▶ **EXTRACTED MATERIAL**
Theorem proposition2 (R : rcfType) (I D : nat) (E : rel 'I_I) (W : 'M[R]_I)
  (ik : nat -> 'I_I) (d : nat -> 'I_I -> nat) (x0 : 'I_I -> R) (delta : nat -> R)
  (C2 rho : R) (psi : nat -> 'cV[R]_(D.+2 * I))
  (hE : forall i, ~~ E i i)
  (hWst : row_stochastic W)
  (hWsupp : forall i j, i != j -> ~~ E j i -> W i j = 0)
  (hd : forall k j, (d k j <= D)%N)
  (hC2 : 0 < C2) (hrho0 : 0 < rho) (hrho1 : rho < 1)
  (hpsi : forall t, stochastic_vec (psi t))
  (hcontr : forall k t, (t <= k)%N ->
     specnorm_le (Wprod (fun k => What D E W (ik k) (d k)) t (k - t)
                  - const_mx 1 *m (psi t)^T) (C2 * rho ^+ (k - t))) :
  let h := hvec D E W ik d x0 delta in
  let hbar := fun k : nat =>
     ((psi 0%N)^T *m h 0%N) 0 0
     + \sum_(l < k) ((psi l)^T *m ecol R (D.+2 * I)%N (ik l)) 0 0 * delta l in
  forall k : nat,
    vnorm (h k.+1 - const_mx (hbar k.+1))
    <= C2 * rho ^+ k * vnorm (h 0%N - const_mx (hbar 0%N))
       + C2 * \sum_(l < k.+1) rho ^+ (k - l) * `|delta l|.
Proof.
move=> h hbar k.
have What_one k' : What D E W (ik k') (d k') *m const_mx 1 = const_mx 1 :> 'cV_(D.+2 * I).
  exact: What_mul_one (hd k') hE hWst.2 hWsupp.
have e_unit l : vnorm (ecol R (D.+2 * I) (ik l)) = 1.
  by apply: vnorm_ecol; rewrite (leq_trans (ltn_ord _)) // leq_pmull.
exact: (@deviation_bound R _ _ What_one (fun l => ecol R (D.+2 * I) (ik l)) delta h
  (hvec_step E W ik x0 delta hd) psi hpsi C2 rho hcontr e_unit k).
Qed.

▶ **WHAT TO WORK ON**
For each record above, print an exact copy.

▶ **RESULT OF THE TASK**
Theorem proposition2 (R : rcfType) (I D : nat) (E : rel 'I_I) (W : 'M[R]_I)
  (ik : nat -> 'I_I) (d : nat -> 'I_I -> nat) (x0 : 'I_I -> R) (delta : nat -> R)
  (C2 rho : R) (psi : nat -> 'cV[R]_(D.+2 * I))
  (hE : forall i, ~~ E i i)
  (hWst : row_stochastic W)
  (hWsupp : forall i j, i != j -> ~~ E j i -> W i j = 0)
  (hd : forall k j, (d k j <= D)%N)
  (hC2 : 0 < C2) (hrho0 : 0 < rho) (hrho1 : rho < 1)
  (hpsi : forall t, stochastic_vec (psi t))
  (hcontr : forall k t, (t <= k)%N ->
     specnorm_le (Wprod (fun k => What D E W (ik k) (d k)) t (k - t)
                  - const_mx 1 *m (psi t)^T) (C2 * rho ^+ (k - t))) :
  let h := hvec D E W ik d x0 delta in
  let hbar := fun k : nat =>
     ((psi 0%N)^T *m h 0%N) 0 0
     + \sum_(l < k) ((psi l)^T *m ecol R (D.+2 * I)%N (ik l)) 0 0 * delta l in
  forall k : nat,
    vnorm (h k.+1 - const_mx (hbar k.+1))
    <= C2 * rho ^+ k * vnorm (h 0%N - const_mx (hbar 0%N))
       + C2 * \sum_(l < k.+1) rho ^+ (k - l) * `|delta l|.
Proof.
move=> h hbar k.
have What_one k' : What D E W (ik k') (d k') *m const_mx 1 = const_mx 1 :> 'cV_(D.+2 * I).
  exact: What_mul_one (hd k') hE hWst.2 hWsupp.
have e_unit l : vnorm (ecol R (D.+2 * I) (ik l)) = 1.
  by apply: vnorm_ecol; rewrite (leq_trans (ltn_ord _)) // leq_pmull.
exact: (@deviation_bound R _ _ What_one (fun l => ecol R (D.+2 * I) (ik l)) delta h
  (hvec_step E W ik x0 delta hd) psi hpsi C2 rho hcontr e_unit k).
Qed.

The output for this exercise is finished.